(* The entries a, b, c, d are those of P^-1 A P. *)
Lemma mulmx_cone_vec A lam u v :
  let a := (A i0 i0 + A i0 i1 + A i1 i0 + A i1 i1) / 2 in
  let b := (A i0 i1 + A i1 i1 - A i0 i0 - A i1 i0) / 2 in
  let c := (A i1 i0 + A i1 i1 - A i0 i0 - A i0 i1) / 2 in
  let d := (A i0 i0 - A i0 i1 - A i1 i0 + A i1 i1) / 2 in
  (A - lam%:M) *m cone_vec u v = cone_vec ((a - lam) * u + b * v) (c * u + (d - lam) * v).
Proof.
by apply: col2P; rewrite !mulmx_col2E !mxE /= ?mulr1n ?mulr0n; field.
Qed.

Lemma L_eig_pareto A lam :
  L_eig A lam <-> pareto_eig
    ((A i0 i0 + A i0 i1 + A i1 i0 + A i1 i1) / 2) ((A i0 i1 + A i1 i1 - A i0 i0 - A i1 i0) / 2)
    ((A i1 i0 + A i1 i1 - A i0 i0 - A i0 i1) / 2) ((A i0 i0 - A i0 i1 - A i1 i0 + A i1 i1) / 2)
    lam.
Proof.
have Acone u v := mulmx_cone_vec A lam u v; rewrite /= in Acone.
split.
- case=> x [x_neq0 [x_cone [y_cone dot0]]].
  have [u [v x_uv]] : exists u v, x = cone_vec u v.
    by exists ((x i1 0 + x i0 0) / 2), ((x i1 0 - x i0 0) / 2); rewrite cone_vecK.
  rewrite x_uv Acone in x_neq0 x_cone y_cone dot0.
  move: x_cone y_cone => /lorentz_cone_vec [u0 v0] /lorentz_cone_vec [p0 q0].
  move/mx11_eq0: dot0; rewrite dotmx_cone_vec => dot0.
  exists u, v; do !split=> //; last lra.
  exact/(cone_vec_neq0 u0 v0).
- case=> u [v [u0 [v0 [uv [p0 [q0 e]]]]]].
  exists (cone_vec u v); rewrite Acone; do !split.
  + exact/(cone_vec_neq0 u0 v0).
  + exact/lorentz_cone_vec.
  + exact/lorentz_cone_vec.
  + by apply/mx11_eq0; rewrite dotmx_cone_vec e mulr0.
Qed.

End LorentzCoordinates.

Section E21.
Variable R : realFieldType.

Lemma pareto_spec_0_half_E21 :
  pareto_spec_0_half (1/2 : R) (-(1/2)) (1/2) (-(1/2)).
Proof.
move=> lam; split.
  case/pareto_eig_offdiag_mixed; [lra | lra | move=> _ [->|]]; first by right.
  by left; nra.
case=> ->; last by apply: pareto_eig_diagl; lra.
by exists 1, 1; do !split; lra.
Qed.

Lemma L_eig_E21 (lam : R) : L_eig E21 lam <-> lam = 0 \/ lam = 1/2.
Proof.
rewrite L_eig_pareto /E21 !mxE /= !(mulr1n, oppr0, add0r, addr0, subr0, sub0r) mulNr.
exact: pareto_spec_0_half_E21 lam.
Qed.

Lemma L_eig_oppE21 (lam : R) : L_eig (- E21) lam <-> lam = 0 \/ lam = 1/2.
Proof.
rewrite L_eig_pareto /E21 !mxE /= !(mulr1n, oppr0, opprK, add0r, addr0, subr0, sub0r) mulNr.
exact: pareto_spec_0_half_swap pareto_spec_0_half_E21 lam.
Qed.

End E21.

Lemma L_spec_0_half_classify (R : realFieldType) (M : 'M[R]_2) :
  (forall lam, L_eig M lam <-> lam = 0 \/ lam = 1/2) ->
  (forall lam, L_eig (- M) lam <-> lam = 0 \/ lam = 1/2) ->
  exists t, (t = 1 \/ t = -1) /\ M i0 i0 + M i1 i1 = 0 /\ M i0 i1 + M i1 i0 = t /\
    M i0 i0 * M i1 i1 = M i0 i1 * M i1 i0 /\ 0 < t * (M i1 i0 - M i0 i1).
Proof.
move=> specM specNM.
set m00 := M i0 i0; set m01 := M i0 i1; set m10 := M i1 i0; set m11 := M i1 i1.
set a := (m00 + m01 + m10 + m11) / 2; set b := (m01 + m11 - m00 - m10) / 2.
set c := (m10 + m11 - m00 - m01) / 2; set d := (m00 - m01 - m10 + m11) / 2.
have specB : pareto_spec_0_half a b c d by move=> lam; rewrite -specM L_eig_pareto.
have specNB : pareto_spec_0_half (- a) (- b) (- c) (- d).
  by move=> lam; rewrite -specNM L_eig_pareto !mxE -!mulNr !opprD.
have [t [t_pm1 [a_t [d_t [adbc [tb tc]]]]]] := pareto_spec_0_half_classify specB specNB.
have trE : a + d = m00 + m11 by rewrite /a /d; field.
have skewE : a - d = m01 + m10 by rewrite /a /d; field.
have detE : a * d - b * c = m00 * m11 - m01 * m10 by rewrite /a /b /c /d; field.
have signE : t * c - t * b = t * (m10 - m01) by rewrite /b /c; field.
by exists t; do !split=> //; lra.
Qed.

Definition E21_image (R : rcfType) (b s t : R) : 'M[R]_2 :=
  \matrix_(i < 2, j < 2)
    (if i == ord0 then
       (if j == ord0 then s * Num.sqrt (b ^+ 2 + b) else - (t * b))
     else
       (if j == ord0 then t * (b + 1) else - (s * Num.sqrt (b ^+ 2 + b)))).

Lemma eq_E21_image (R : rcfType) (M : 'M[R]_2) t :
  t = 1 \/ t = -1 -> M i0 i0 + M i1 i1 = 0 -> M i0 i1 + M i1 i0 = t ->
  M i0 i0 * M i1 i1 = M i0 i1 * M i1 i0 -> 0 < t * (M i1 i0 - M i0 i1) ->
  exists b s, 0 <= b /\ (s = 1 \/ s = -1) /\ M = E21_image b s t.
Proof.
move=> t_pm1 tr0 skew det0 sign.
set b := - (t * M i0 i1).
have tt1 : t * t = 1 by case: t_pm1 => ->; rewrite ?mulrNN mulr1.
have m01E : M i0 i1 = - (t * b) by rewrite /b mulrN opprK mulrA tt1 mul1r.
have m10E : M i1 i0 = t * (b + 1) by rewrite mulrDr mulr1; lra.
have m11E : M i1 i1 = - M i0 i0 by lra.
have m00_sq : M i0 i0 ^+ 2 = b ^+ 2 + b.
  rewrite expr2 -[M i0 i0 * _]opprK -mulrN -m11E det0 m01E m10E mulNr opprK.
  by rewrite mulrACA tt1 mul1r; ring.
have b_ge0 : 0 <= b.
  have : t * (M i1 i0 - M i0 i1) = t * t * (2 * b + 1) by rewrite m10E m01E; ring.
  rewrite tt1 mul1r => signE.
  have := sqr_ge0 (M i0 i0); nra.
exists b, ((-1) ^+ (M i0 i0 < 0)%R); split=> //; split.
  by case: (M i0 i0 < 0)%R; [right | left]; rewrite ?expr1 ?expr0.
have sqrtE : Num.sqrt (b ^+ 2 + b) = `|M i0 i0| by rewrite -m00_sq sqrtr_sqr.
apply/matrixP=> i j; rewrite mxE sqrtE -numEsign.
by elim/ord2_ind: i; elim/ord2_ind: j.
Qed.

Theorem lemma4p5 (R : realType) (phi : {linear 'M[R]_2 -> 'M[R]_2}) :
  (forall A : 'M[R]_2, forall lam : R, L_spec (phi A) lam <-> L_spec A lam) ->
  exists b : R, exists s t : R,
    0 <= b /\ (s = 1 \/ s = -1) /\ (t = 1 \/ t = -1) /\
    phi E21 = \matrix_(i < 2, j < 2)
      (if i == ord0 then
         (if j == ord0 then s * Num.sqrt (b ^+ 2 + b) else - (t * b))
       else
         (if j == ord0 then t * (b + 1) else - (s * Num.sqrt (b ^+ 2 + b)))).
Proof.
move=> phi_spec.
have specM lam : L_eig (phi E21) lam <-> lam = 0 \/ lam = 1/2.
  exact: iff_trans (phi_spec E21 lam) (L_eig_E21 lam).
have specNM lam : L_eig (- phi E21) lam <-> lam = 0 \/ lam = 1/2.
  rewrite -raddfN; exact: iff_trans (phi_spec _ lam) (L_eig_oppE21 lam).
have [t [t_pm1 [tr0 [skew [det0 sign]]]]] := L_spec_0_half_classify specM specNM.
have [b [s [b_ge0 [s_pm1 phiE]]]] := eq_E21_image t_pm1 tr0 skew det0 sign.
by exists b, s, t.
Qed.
==
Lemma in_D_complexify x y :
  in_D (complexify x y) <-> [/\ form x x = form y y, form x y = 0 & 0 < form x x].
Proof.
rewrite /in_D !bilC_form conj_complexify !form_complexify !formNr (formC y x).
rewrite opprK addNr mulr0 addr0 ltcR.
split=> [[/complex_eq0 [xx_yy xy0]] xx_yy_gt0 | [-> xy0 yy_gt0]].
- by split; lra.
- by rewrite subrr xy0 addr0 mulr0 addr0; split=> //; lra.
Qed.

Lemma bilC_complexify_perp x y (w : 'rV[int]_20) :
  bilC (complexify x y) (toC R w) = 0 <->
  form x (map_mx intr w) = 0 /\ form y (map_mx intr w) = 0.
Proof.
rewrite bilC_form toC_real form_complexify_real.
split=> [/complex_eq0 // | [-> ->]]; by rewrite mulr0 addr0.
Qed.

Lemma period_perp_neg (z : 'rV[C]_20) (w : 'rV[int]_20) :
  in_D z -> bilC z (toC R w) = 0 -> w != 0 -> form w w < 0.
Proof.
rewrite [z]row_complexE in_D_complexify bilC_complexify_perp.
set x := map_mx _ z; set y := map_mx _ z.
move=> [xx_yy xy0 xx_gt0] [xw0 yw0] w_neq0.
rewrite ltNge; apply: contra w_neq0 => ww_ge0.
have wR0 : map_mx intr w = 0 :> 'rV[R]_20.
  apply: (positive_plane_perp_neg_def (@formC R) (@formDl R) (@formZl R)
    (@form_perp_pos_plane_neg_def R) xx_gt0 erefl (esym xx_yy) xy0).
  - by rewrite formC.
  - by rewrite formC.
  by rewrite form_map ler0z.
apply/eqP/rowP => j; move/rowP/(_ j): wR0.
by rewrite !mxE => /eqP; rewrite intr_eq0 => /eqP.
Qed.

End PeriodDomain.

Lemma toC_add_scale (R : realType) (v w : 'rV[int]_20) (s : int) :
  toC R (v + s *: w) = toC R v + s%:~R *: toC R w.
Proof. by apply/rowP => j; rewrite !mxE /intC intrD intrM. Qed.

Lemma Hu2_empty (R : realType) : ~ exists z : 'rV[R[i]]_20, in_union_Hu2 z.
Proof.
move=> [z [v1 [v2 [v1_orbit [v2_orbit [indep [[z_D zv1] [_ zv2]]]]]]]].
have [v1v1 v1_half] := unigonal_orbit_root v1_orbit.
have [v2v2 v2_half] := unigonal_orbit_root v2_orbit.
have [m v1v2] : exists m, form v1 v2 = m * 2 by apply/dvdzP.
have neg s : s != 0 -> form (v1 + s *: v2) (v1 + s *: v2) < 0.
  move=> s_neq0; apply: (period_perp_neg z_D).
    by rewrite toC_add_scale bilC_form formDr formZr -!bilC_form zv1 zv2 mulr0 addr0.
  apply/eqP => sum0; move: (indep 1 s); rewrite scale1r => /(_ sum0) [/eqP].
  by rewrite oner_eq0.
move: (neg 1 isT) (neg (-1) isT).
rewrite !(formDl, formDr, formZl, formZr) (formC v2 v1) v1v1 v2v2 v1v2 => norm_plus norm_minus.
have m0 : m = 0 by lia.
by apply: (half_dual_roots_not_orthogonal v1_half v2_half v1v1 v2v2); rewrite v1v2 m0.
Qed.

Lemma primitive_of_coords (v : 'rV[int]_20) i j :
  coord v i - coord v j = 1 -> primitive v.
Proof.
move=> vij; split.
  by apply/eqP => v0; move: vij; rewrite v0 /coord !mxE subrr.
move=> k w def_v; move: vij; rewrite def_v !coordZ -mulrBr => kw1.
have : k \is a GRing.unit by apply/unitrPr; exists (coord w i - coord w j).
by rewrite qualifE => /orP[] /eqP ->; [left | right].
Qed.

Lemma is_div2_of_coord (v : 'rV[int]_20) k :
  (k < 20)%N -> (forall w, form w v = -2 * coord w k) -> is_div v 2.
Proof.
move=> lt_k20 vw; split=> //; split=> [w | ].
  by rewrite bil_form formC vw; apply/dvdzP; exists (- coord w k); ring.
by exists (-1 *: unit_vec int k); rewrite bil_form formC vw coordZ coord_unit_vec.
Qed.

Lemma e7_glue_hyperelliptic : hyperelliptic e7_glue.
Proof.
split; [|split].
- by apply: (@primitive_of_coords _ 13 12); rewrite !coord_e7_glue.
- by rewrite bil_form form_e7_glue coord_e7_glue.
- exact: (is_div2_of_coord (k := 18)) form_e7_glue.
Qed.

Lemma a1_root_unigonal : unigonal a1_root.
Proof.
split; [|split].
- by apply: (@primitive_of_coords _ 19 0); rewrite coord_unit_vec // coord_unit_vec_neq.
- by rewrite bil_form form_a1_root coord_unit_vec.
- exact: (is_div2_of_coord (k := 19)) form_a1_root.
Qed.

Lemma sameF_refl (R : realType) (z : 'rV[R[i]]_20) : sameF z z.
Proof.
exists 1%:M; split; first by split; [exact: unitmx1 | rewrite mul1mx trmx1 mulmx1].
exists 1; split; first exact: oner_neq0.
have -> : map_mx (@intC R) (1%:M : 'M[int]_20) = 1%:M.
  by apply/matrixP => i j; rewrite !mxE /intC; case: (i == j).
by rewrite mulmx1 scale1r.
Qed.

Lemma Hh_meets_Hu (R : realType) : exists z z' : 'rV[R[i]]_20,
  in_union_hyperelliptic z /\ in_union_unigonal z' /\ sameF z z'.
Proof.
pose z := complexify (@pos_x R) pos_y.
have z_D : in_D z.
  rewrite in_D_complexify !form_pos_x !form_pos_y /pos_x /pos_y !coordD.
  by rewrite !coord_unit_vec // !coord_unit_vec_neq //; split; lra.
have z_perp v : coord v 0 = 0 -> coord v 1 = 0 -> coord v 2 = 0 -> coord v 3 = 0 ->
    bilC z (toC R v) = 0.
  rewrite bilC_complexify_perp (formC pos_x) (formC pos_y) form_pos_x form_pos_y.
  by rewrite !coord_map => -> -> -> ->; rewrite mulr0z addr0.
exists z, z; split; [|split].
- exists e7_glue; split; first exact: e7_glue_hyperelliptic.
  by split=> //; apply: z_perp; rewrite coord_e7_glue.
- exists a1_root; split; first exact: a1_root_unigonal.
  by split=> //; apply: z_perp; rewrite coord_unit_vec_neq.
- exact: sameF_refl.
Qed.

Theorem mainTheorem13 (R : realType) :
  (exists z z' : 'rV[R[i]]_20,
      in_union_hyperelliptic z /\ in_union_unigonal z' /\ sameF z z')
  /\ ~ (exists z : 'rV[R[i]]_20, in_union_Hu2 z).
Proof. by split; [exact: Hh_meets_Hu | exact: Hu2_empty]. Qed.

= ASSIGNMENT =
Working from the data above, extract solely the lines from the one containing "((A i1 i0 +" through the one containing "Lemma L_eig_E21 (lam", exactly as they appear, both included.

= ANSWER TO THIS TASK =
    ((A i1 i0 + A i1 i1 - A i0 i0 - A i0 i1) / 2) ((A i0 i0 - A i0 i1 - A i1 i0 + A i1 i1) / 2)
    lam.
Proof.
have Acone u v := mulmx_cone_vec A lam u v; rewrite /= in Acone.
split.
- case=> x [x_neq0 [x_cone [y_cone dot0]]].
  have [u [v x_uv]] : exists u v, x = cone_vec u v.
    by exists ((x i1 0 + x i0 0) / 2), ((x i1 0 - x i0 0) / 2); rewrite cone_vecK.
  rewrite x_uv Acone in x_neq0 x_cone y_cone dot0.
  move: x_cone y_cone => /lorentz_cone_vec [u0 v0] /lorentz_cone_vec [p0 q0].
  move/mx11_eq0: dot0; rewrite dotmx_cone_vec => dot0.
  exists u, v; do !split=> //; last lra.
  exact/(cone_vec_neq0 u0 v0).
- case=> u [v [u0 [v0 [uv [p0 [q0 e]]]]]].
  exists (cone_vec u v); rewrite Acone; do !split.
  + exact/(cone_vec_neq0 u0 v0).
  + exact/lorentz_cone_vec.
  + exact/lorentz_cone_vec.
  + by apply/mx11_eq0; rewrite dotmx_cone_vec e mulr0.
Qed.

End LorentzCoordinates.

Section E21.
Variable R : realFieldType.

Lemma pareto_spec_0_half_E21 :
  pareto_spec_0_half (1/2 : R) (-(1/2)) (1/2) (-(1/2)).
Proof.
move=> lam; split.
  case/pareto_eig_offdiag_mixed; [lra | lra | move=> _ [->|]]; first by right.
  by left; nra.
case=> ->; last by apply: pareto_eig_diagl; lra.
by exists 1, 1; do !split; lra.
Qed.

Lemma L_eig_E21 (lam : R) : L_eig E21 lam <-> lam = 0 \/ lam = 1/2.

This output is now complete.